Apply this to every function that writes files, runs subprocesses, calls APIs, or mutates databases.

Step 2: Propagate trace context into async tasks

A new task or thread does not inherit the current span. Copy the context, or use a decorator that does it for you (@observe in Langfuse, @traceable in LangSmith handle this when you stay inside the decorated coroutine).

import asyncio, contextvars

async def spawn_tool_task(tool_fn, **kwargs):
    ctx = contextvars.copy_context()  # carry the active span
    loop = asyncio.get_running_loop()
    return await loop.run_in_executor(None, lambda: ctx.run(tool_fn, **kwargs))
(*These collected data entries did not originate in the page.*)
Lemma eq_big_support (V : zmodType) (G : int -> V) (s1 s2 : seq int) :
  uniq s1 -> uniq s2 -> (forall n, n \notin s1 -> G n = 0) ->
  (forall n, n \notin s2 -> G n = 0) -> \sum_(n <- s1) G n = \sum_(n <- s2) G n.
Proof.
move=> s1_uniq s2_uniq G_s1 G_s2.
have restrict (r1 r2 : seq int) : (forall n, n \notin r2 -> G n = 0) ->
    \sum_(n <- r1) G n = \sum_(n <- [seq n <- r1 | n \in r2]) G n.
  move=> G_r2; rewrite big_filter [RHS]big_mkcond; apply: eq_bigr => n _.
  by case: ifPn => // /G_r2.
rewrite (restrict s1 s2) // (restrict s2 s1) //; apply/perm_big/uniq_perm.
- exact: filter_uniq.
- exact: filter_uniq.
- by move=> n; rewrite !mem_filter andbC.
Qed.

Section SkewBracket.
Variables (K : fieldType) (A : curvedAss K).

Lemma ca_suppP (x : A) :
  [/\ uniq (ca_supp x), forall n, n \notin ca_supp x -> ca_pi A n x = 0
    & x = \sum_(n <- ca_supp x) ca_pi A n x].
Proof.
by rewrite /ca_supp; case: (ClassicalEpsilon.constructive_indefinite_description _ _).
Qed.
Lemma path_deriv_comp (F : Cpx -> Cpx) (p : R -> Cpx) (x : R) (v L : Cpx) :
  Cderiv_at F (p x) L -> path_deriv p x v ->
  path_deriv (fun y => F (p y)) x (Cmul L v).
Proof.
  intros HF Hp e He.
  set (M := Cnorm L). set (K := Cnorm v + 1).
  assert (HM : 0 <= M) by apply Cnorm_ge0.
  assert (HK : 0 < K) by (pose proof (Cnorm_ge0 v); unfold K; lra).
  set (e1 := Rmin 1 (e / (2 * (M + 1)))).
  assert (He1 : 0 < e1) by (apply Rmin_pos; [lra | apply Rdiv_lt_0_compat; lra]).
  assert (He1M : M * e1 <= e / 2).
  { apply Rle_trans with (M * (e / (2 * (M + 1)))).
    - apply Rmult_le_compat_l; [lra | apply Rmin_r].
    - apply Rmult_le_reg_r with (2 * (M + 1)); [lra|].
      field_simplify; nra. }
  destruct (Hp e1 He1) as [d1 [Hd1 Bp]].
  destruct (Cderiv_o F (p x) L HF (e / (2 * K))) as [d2 [Hd2 BF]];
    [apply Rdiv_lt_0_compat; lra|].
  exists (Rmin d1 (d2 / K)); split; [apply Rmin_pos; [|apply Rdiv_lt_0_compat]; lra|].
  intros h Hh. pose proof (Rabs_pos h) as Hh0.
  assert (Hh1 : Rabs h < d1) by exact (Rlt_le_trans _ _ _ Hh (Rmin_l _ _)).
  assert (Hh2 : K * Rabs h < d2).
  { pose proof (Rlt_le_trans _ _ _ Hh (Rmin_r _ _)) as H2.
    apply Rmult_lt_compat_l with (r := K) in H2; auto.
    replace (K * (d2 / K)) with d2 in H2 by (field; lra). exact H2. }
  specialize (Bp h Hh1).
  set (B := Csub (Csub (p (x + h)) (p x)) (Cmul (RtoC h) v)) in *.
  assert (Hstep : Cnorm (Csub (p (x + h)) (p x)) <= K * Rabs h).
  { replace (Csub (p (x + h)) (p x)) with (Cadd B (Cmul (RtoC h) v)) by (unfold B; cpx_ring).
    eapply Rle_trans; [apply Cnorm_add_le|].
    rewrite Cnorm_mul, Cnorm_RtoC. unfold K.
    assert (e1 <= 1) by apply Rmin_l. nra. }
  specialize (BF (p (x + h)) (Rle_lt_trans _ _ _ Hstep Hh2)).
  set (A := Csub (Csub (F (p (x + h))) (F (p x))) (Cmul L (Csub (p (x + h)) (p x)))) in *.
  replace (Csub (Csub (F (p (x + h))) (F (p x))) (Cmul (RtoC h) (Cmul L v)))
    with (Cadd A (Cmul L B)) by (unfold A, B; cpx_ring).
  eapply Rle_trans; [apply Cnorm_add_le|]. rewrite Cnorm_mul. fold M.
  assert (e / (2 * K) * Cnorm (Csub (p (x + h)) (p x)) <= e / 2 * Rabs h).
  { apply Rle_trans with (e / (2 * K) * (K * Rabs h)).
    - apply Rmult_le_compat_l; [left; apply Rdiv_lt_0_compat|]; lra.
    - right; field; lra. }
  assert (M * Cnorm B <= e / 2 * Rabs h) by nra.
  lra.
Qed.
Do not fire-and-forget a coroutine that performs side effects. Trace it and await it:

from opentelemetry import trace as otel_trace
tracer = otel_trace.get_tracer(__name__)

async def traced_async_tool(tool_name: str, coro):
    with tracer.start_as_current_span(f"execute_tool {tool_name}") as span:
        span.set_attribute("gen_ai.tool.name", tool_name)
        try:
            result = await coro
            span.set_attribute("gen_ai.tool.result", str(result)[:500])
            return result
        except Exception as e:
            span.record_exception(e)
            raise

result = await traced_async_tool("run_migration", run_migration_coro())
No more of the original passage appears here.